2010 Big Agnes Family Camping Tents

Over the next several weeks, I will be looking at some of the best tents on the market, for family camping. First up, this week, is Big Agnes in Steamboat Springs, Colorado. Big Agnes is known for quality tents featuring easy-to-assemble clip-style construction and lightweight hub-style frames. In addition, these tents all feature aluminum poles, which are superior to the more common fiberglass poles that come with cheaper tents. Big Agnes tents are more expensive than many others, but they will last for years and their no-nonsense 100% guarantee can’t be beat.

Big House

big Agnes Big House Tent Line

The Big House comes in 4-person ($299.95 – shown) and 6-person ($359.95) models. The $50 footprint is available separately, as is a huge (52sq. ft.) front vestibule for $100. These nice, tall, tents provide plenty of room for family camping. In fact, the 6-person model features a center-height of 6’ 3”. The center-height of the Big House 4 is just under 6-feet, at 68-inches.

Lynx Pass

Big Agnes Lynx Pass Tent Line

The Lynx Pass 4 ($299.95) is a lower-profile tent than the Big House and light enough for backpacking, at 7lb. 9oz (tent, fly and poles). The integrated vestibule provides 17sq. ft. of storage space for shoes and other small items. For summertime use, you can use just the footprint (sold separately) with the frame and fly for a 5lb. 10oz. backpacking solution.

Jupiter’s Cabin

Big Agnes Jupiter's Cabin Tent Line

The Jupiter’s Cabin 4 ($289.95) line is new for 2010 and is a bit of a cross between the Big House and Lynx Pass models. The Jupiter’s Cabin line is relatively heavy, at 11lb., 6oz. (tent, fly and poles), which is indicative of the heavier polyester fly and less mesh venting. The center-height of the Jupiter’s Cabin is 66-inches and, while the footprint (sold separately) and fly can be used independently of the tent body, for lightweight summertime use, this combination still tips the scales at 9lb. 14oz. so the utility of this feature in the Jupiter’s Cabin line is of marginal benefit.

See also…

6 thoughts on “2010 Big Agnes Family Camping Tents

  1. We have an “old” Hillary 4-man tent that we purchased pre-kids. Needless to say, with five of us now, we need to upgrade! I’ve heard good things about a jeep branded multiroom tent – some friends of ours had one in a wicked rain storm this summer, and theirs was the only tent left standing.
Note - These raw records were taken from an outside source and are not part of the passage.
Lemma poch_ratio_mul_le b1 b2 n : b1 < 1 -> b2 < 1 ->
  poch_ratio b1 n * poch_ratio b2 n <= poch_ratio (b1 + b2 - Rabs (b1 * b2)) n.
Proof.
  intros H1 H2. induction n as [|n IH]; cbn [poch_ratio]; [lra|].
  pose proof (poch_factor_pos b1 n H1). pose proof (poch_factor_pos b2 n H2).
  pose proof (poch_ratio_pos b1 n H1). pose proof (poch_ratio_pos b2 n H2).
  assert (Hfac : (1 - b1 / INR (S n)) * (1 - b2 / INR (S n))
                 <= 1 - (b1 + b2 - Rabs (b1 * b2)) / INR (S n)).
  { pose proof (INR_S_ge_1 n). unfold Rdiv. set (y := / INR (S n)).
    assert (0 < y <= 1).
    { split; [apply Rinv_0_lt_compat; lra|].
      rewrite <- Rinv_1. apply Rinv_le_contravar; lra. }
    pose proof (Rle_abs (b1 * b2)). pose proof (Rabs_pos (b1 * b2)).
    assert (b1 * b2 * (y * y) <= Rabs (b1 * b2) * (y * y))
      by (apply Rmult_le_compat_r; nra).
    assert (Rabs (b1 * b2) * (y * y) <= Rabs (b1 * b2) * y)
      by (apply Rmult_le_compat_l; nra).
    nra. }
  replace (poch_ratio b1 n * (1 - b1 / INR (S n)) * (poch_ratio b2 n * (1 - b2 / INR (S n))))
    with ((poch_ratio b1 n * poch_ratio b2 n) * ((1 - b1 / INR (S n)) * (1 - b2 / INR (S n))))
    by ring.
  apply Rmult_le_compat; try apply Rmult_le_pos; lra.
Qed.

Lemma poch_ratio_absorb b b1 : b < b1 < 1 ->
  exists e, 0 < e /\ forall n, poch_ratio b1 n * poch_ratio (- e) n <= poch_ratio b n.
Proof.
  intros Hb. pose proof (Rabs_pos b1).
  exists ((b1 - b) / (1 + Rabs b1)). split; [apply Rdiv_lt_0_compat; lra|].
  intros n. replace b with (b1 + - ((b1 - b) / (1 + Rabs b1))
                            - Rabs (b1 * - ((b1 - b) / (1 + Rabs b1)))) at 2.
  - apply poch_ratio_mul_le; [lra|].
    assert (0 < (b1 - b) / (1 + Rabs b1)) by (apply Rdiv_lt_0_compat; lra). lra.
  - rewrite Rabs_mult, Rabs_Ropp, (Rabs_pos_eq ((b1 - b) / _))
      by (left; apply Rdiv_lt_0_compat; lra).
    field. lra.
Qed.

Lemma sum_poch_ratio_div b m : b <> 0 ->
  sum_f_R0 (fun k => poch_ratio b k / INR (S k)) m = (1 - poch_ratio b (S m)) / b.
Proof.
  intros Hb. induction m as [|m IH].
  - cbn. field. lra.
  - rewrite tech5, IH. remember (S m) as k. cbn [poch_ratio].
    pose proof (INR_S_ge_1 k). field. lra.
Qed.

Lemma sum_poch_ratio_div2 b m : b <> -1 ->
  sum_f_R0 (fun k => poch_ratio b k / (INR (S k) * INR (S (S k)))) m
  = (1 - poch_ratio b (S m) / INR (S (S m))) / (1 + b).
Proof.
  intros Hb. induction m as [|m IH].
  - cbn. field. lra.
  - rewrite tech5, IH. remember (S m) as k. cbn [poch_ratio].
    pose proof (INR_S_ge_1 k). rewrite (S_INR (S k)). field. lra.
Qed.

Lemma sum_poch_ratio_div_le b m : b < 0 ->
  sum_f_R0 (fun k => poch_ratio b k / INR (S k)) m <= (1 - b) / - b * poch_ratio b m.
Proof.
  intros Hb. rewrite sum_poch_ratio_div by lra.
  pose proof (poch_ratio_succ_le b m ltac:(lra)). pose proof (poch_ratio_ge_1 b m ltac:(lra)).
  replace ((1 - poch_ratio b (S m)) / b) with ((poch_ratio b (S m) - 1) / - b) by (field; lra).
  replace ((1 - b) / - b * poch_ratio b m) with ((1 - b) * poch_ratio b m / - b) by (field; lra).
  apply Rmult_le_compat_r; [left; apply Rinv_0_lt_compat|]; lra.
Qed.

Lemma ex_series_nonneg_bounded (a : nat -> R) M :
  (forall n, 0 <= a n) -> (forall N, sum_f_R0 a N <= M) -> ex_series a.
Proof.
  intros Ha HM.
  destruct (ex_finite_lim_seq_incr (sum_n a) M) as [l Hl].
  - intros n. rewrite !sum_n_Reals, tech5. pose proof (Ha (S n)). lra.
  - intros n. rewrite sum_n_Reals. apply HM.
  - exists l. exact Hl.
Qed.

Lemma ex_series_poch_ratio_div b : 0 < b <= 1 ->
  ex_series (fun n => poch_ratio b n / INR (S n)).
Proof.
  intros Hb. apply ex_series_nonneg_bounded with (1 / b).
  - intros n. pose proof (INR_S_ge_1 n).
    apply Rdiv_le_0_compat; [apply poch_ratio_nonneg|]; lra.
  - intros N. rewrite sum_poch_ratio_div by lra.
    pose proof (poch_ratio_nonneg b (S N) ltac:(lra)).
    apply Rmult_le_compat_r; [left; apply Rinv_0_lt_compat|]; lra.
Qed.

Lemma ex_series_poch_ratio_div2 b : -1 < b < 1 ->
  ex_series (fun n => poch_ratio b n / (INR (S n) * INR (S (S n)))).
Proof.
  intros Hb. apply ex_series_nonneg_bounded with (1 / (1 + b)).
  - intros n. pose proof (INR_S_ge_1 n). pose proof (INR_S_ge_1 (S n)).
    apply Rdiv_le_0_compat; [apply poch_ratio_nonneg; lra | nra].
  - intros N. rewrite sum_poch_ratio_div2 by lra.
    pose proof (poch_ratio_pos b (S N) ltac:(lra)). pose proof (INR_S_ge_1 (S N)).
    assert (0 <= poch_ratio b (S N) / INR (S (S N))) by (apply Rdiv_le_0_compat; lra).
    apply Rmult_le_compat_r; [left; apply Rinv_0_lt_compat|]; lra.
Qed.

Lemma ln_succ_le n : ln (INR n + 3) - ln (INR n + 2) <= / (INR n + 2).
Proof.
  pose proof (pos_INR n).
  assert (Hy : 0 < / (INR n + 2)) by (apply Rinv_0_lt_compat; lra).
  replace (INR n + 3) with ((INR n + 2) * (1 + / (INR n + 2))) by (field; lra).
  rewrite ln_mult by lra.
  pose proof (exp_ineq1 (/ (INR n + 2)) ltac:(lra)).
  assert (ln (1 + / (INR n + 2)) < / (INR n + 2)).
  { rewrite <- (ln_exp (/ (INR n + 2))) at 2. apply ln_increasing; lra. }
  lra.
Qed.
    • I think those are Coleman tents. I know someone with a Copper Canyon model that’s been through several rain storms, with no problems. That’s pretty good for a cabin tent.

  2. It was pretty cold the time I’m talking about a pole snapping, as well as windy. I wonder if fiberglass becomes brittle at lower temperatures. Actually it was when I was trying to fold the tent up that it got caught by the wind and the pole snapped. A big tent is harder to fold up than a small one.
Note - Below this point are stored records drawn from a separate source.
Lemma norm_sum_stoch_diff_mul_le (p q f : T -> R) (M : R) :
  (forall x, 0 <= p x) -> \sum_x p x = 1 ->
  (forall x, 0 <= q x) -> \sum_x q x = 1 ->
  (forall x, 0 <= f x <= M) ->
  `|\sum_x (p x - q x) * f x| <= M.
Proof.
move=> p_ge0 p_sum1 q_ge0 q_sum1 f_bounds.
have /andP[p_lo p_hi] := sum_stoch_mul_bounds p_ge0 p_sum1 f_bounds.
have /andP[q_lo q_hi] := sum_stoch_mul_bounds q_ge0 q_sum1 f_bounds.
under eq_bigr do rewrite mulrBl.
rewrite sumrB ler_norml; apply/andP; split; lra.
Qed.

End StochasticVectors.

Lemma sup_range_max (R : realType) (T : Type) (f : T -> R) (x0 : T) :
  (forall x, f x <= f x0) -> sup (range f) = f x0.
Proof.
move=> f_le; have range_ub : ubound (range f) (f x0) by move=> _ [x _ <-].
apply/le_anti/andP; split; first by apply: ge_sup => //; exists (f x0), x0.
apply: sup_upper_bound; last by exists x0.
by split; [exists (f x0), x0 | exists (f x0)].
Qed.

Section PolicyValues.
Variables (R : realType) (S A : finType).
Implicit Types (P : S -> A -> S -> R) (rw : nat -> S -> A -> R)
  (pi : nat -> S -> A).

Lemma Vrem_tail P rw pi pi' n h s :
  (forall k, (h <= k)%N -> pi k = pi' k) ->
  Vrem P rw pi n h s = Vrem P rw pi' n h s.
Proof.
elim: n h s => [|n IH] h s eq_pi //=.
rewrite eq_pi //; congr (_ + _); apply: eq_bigr => s' _.
by rewrite IH // => k /ltnW; apply: eq_pi.
Qed.

Lemma Vpi_Qpi P rw H pi h s :
  (h < H)%N -> Vpi P rw H pi h s = Qpi P rw H pi h s (pi h s).
Proof. by move=> hH; rewrite /Vpi -subnSK. Qed.

Lemma Vpi_horizon P rw H pi h s : (H <= h)%N -> Vpi P rw H pi h s = 0.
Proof. by rewrite /Vpi -subn_eq0 => /eqP ->. Qed.

Section BoundedRewards.
Variables (P : S -> A -> S -> R) (rw : nat -> S -> A -> R) (H : nat).
Hypothesis P_ge0 : forall s a s', 0 <= P s a s'.
Hypothesis P_sum1 : forall s a, \sum_s' P s a s' = 1.
Hypothesis rw_01 : forall h s a, 0 <= rw h s a <= 1.

Lemma Vrem_bounds pi n h s : 0 <= Vrem P rw pi n h s <= n%:R.
Proof.
elim: n h s => [|n IH] h s /=; first by rewrite lexx.
have /andP[r_ge0 r_le1] := rw_01 h s (pi h s).
have /andP[avg_ge0 avg_le] :=
  sum_stoch_mul_bounds (P_ge0 s (pi h s)) (P_sum1 s (pi h s)) (IH h.+1).
by rewrite -natr1 addrC addr_ge0 ?lerD.
Qed.

Lemma Vpi_le_Vstar pi h s : Vpi P rw H pi h s <= Vstar P rw H h s.
Proof.
apply: sup_upper_bound; last by exists pi.
split; first by exists (Vpi P rw H pi h s), pi.
by exists (H - h)%:R => _ [p _ <-]; case/andP: (Vrem_bounds p (H - h) h s).
Qed.

Variable pihat : nat -> S -> A.
Hypothesis pihat_opt :
  forall h s, (h < H)%N -> Vpi P rw H pihat h s = Vstar P rw H h s.

Lemma Vstar_opt h s : Vstar P rw H h s = Vpi P rw H pihat h s.
Proof.
have [hH|Hh] := ltnP h H; first by rewrite pihat_opt.
by apply: sup_range_max => p; rewrite !Vpi_horizon.
Qed.

Lemma Qstar_opt h s a : Qstar P rw H h s a = Qpi P rw H pihat h s a.
Proof.
apply: sup_range_max => p; rewrite lerD2l; apply: ler_sum => s' _.
by rewrite ler_wpM2l // -Vstar_opt Vpi_le_Vstar.
Qed.

(* Witnessed by the policy playing a at step h and pihat afterwards. *)
Lemma Bellman_le_Vstar h s a : (h < H)%N ->
  rw h s a + \sum_s' P s a s' * Vstar P rw H h.+1 s' <= Vstar P rw H h s.
Proof.
move=> hH; pose pi' k x := if k == h then a else pihat k x.
have pi'_tail k : (h.+1 <= k)%N -> pi' k = pihat k.
  by rewrite /pi'; case: eqP => // ->; rewrite ltnn.
apply: le_trans _ (Vpi_le_Vstar pi' h s); rewrite Vpi_Qpi // /Qpi /pi' eqxx.
rewrite lerD2l; apply: ler_sum => s' _.
by rewrite Vstar_opt /Vpi (Vrem_tail _ _ _ _ pi'_tail).
Qed.

End BoundedRewards.
End PolicyValues.

Section KernelPerturbation.
Variables (R : realType) (S A : finType).
Variables (P Pt : S -> A -> S -> R) (L : S -> A -> R) (d : S -> R) (H : nat).
Hypothesis P_split : forall s a s', P s a s' = Pt s a s' + L s a * d s'.

Definition shifted_reward (rw : nat -> S -> A -> R) (u : nat -> R) :
  nat -> S -> A -> R := fun h s a => rw h s a + u h * L s a.

Lemma backup_split s a (f : S -> R) :
  \sum_s' P s a s' * f s' =
  \sum_s' Pt s a s' * f s' + L s a * \sum_s' d s' * f s'.
Proof.
rewrite mulr_sumr -big_split; apply: eq_bigr => s' _.
by rewrite P_split mulrDl mulrA.
Qed.
(* Let $p$ be a binary word of length $l$ with exactly $3$ runs whose second run has size at least $2$. For every $n\ge l$, every $p$-optimal binary word of length $n$ has exactly $3$ runs.
   Context: $c_p(w)$ is the number of occurrences of $p$ as a (not necessarily consecutive) subsequence of $w$. $M_{n,p}=\max\{c_p(w): w\in\{0,1\}^n\}$; a binary word $w$ of length $n$ is $p$-optimal if $c_p(w)=M_{n,p}$. A run is a maximal block of consecutive equal letters; its size is its length. *)

From mathcomp Require Import all_boot.
Set Implicit Arguments. Unset Strict Implicit. Unset Printing Implicit Defensive.

(* Binary words are sequences of booleans (false = 0, true = 1). *)

(* c_p(w): number of occurrences of p as a (not necessarily consecutive)
   subsequence of w, i.e. the number of index sets of w (encoded as
   selection masks of length |w|) selecting exactly p. *)
Definition occ (p w : seq bool) : nat :=
  #|[set m : (size w).-tuple bool | mask m w == p]|.

Definition Mnp (n : nat) (p : seq bool) : nat :=
  \max_(w : n.-tuple bool) occ p w.

Definition optimal (p w : seq bool) : Prop := occ p w = Mnp (size w) p.

Fixpoint runs_aux (a : bool) (k : nat) (w : seq bool) : seq nat :=
  match w with
  | [::] => [:: k]
  | b :: w' => if b == a then runs_aux a k.+1 w' else k :: runs_aux b 1 w'
  end.

Definition runs (w : seq bool) : seq nat :=
  match w with
  | [::] => [::]
  | a :: w' => runs_aux a 1 w'
  end.

Definition nruns (w : seq bool) : nat := size (runs w).

Example runs_test : runs [:: true; true; false; false; false; true] = [:: 2; 3; 1].
Proof. by []. Qed.

From mathcomp Require Import all_boot zify.

Set Implicit Arguments.
Unset Strict Implicit.
Unset Printing Implicit Defensive.

(* Complementing letters preserves occurrence counts, so
   we may assume p = 0^i 1^(m+1) 0^k with i, k >= 1 and m >= 1.

   Classifying an occurrence of p in 0^A w by the letter of w matched to the
   first 1 of p gives, for every word w,
       cnt p (0^A w) <= peak i k (A + zeros w) * C(ones w, m+1),
   where [peak i k N] is the largest value of C(x,i) C(N-x,k) over x <= N.
   The three-block word 0^x 1^(ones w) 0^(zeros w - x) attains this bound,
   hence so does every optimal w.  Writing w = 0^x 1 v, the bound is strict
   as soon as 01 is a subsequence of v: then cnt (1^m 0^k) v is strictly below
   C(zeros v,k) C(ones v,m), which needs m >= 1.  So v = 1^a 0^b, and since
   p does occur in w, x and b are positive: w has exactly three runs. *)

Local Notation zeros u := (count_mem false u).
Local Notation ones u := (count_mem true u).

Lemma zeros_add_ones w : zeros w + ones w = size w.
Proof. by elim: w => [|[] w IH] //=; rewrite ?add0n ?add1n ?addnS ?addSn IH. Qed.

Fixpoint cnt (p w : seq bool) : nat :=
  match w with
  | [::] => (p == [::])
  | y :: w' => cnt p w' + (if p is x :: p' then (x == y) * cnt p' w' else 0)
  end.

Lemma cnt_nil w : cnt [::] w = 1.
Proof. by elim: w => //= y w ->. Qed.
(* Let $\langle S,L,\tau,\ell\rangle$ be a labelled Markov chain and let $R$ be a bisimulation with $\simeq\,\subseteq R\subseteq\,\sim$. Then $\mathrm{Refine}(R)$ is a bisimulation with $\simeq\,\subseteq\mathrm{Refine}(R)\subseteq\,\sim$.
   Context: Labelled Markov chain $\langle S,L,\tau,\ell\rangle$: finite $S$, finite $L$, $\tau:S\to\mathcal{D}(S)$, $\ell:S\to L$, $|\ell(S)|\ge2$. $\Omega(\mu,\nu)$ = couplings (distributions on $S\times S$ with marginals $\mu,\nu$). A bisimulation is an equivalence relation $R\subseteq S\times S$ such that for all $(s,t)\in R$, $\ell(s)=\ell(t)$ and some $\omega\in\Omega(\tau(s),\tau(t))$ has $\mathrm{support}(\omega)\subseteq R$; $\sim$ is bisimilarity. $S^2_\Delta=\{(s,s)\}$, $S^2_1=\{(s,t)\mid\ell(s)\ne\ell(t)\}$. A policy is $P:S\times S\to\mathcal{D}(S\times S)$ with $P(s,t)\in\Omega(\tau(s),\tau(t))$ for $(s,t)\notin S^2_1$ and $P(s,t)$ the point mass at $(s,t)$ for $(s,t)\in S^2_1$; $\mathcal{P}$ = set of policies, inducing Markov chains $\langle S\times S,P\rangle$. Robust bisimilarity: $s\simeq t$ iff some $P\in\mathcal{P}$ makes $(s,t)$ reach $S^2_\Delta$ with probability $1$. $R$ supports a path $(u_1,v_1)\dots(u_n,v_n)$ if $(u_i,v_i)\in R$ and $\mathrm{support}(P(u_i,v_i))\subseteq R$ for all $i$. $\mathrm{Filter}(R)=\{(s,t)\in R\mid\exists P\in\mathcal{P}$: $R$ supports a path from $(s,t)$ to $S^2_\Delta\}$; $\mathrm{Prune}(R)=\{(s,t)\in R\mid\forall u:((t,u)\in R\Rightarrow(s,u)\in R)\wedge((u,s)\in R\Rightarrow(u,t)\in R)\}$; $\mathrm{Bisim}(R)$ = largest bisimulation contained in $R$; $\mathrm{Refine}(R)=\mathrm{Bisim}(\mathrm{Prune}(\mathrm{Filter}(R)))$. *)

From mathcomp Require Import all_boot all_order all_algebra.
From mathcomp Require Import reals.
Set Implicit Arguments. Unset Strict Implicit. Unset Printing Implicit Defensive.
Import Order.TTheory GRing.Theory Num.Theory.
Local Open Scope ring_scope.

Notation relS S := (S -> S -> Prop).

Section LMC.
Variable (R : realType) (S : finType) (L : Type).
Variables (tau : S -> S -> R) (ell : S -> L).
  3. You make a good point on the aluminum poles. I have a couple of small tents which I’ve used for years – lightweight tents that pack up small – and the poles were/are great. Then I bought a bigger family tent from Costco – one to use right out the car – and one of the poles broke the first time I took it out. Kansas can be pretty windy, as can many campsites in other states. The big tent is also really cold – fine to use in the heat of summer, but no good in spring or fall when temperatures get down to freezing overnight.

    • Alison – my experience with fiberglass poles is that they start to fray and come apart where the pole sections go together. I haven’t ever snapped one (knock on, uh fiberglass?), but I’ve sure heard a lot of horror stories about that.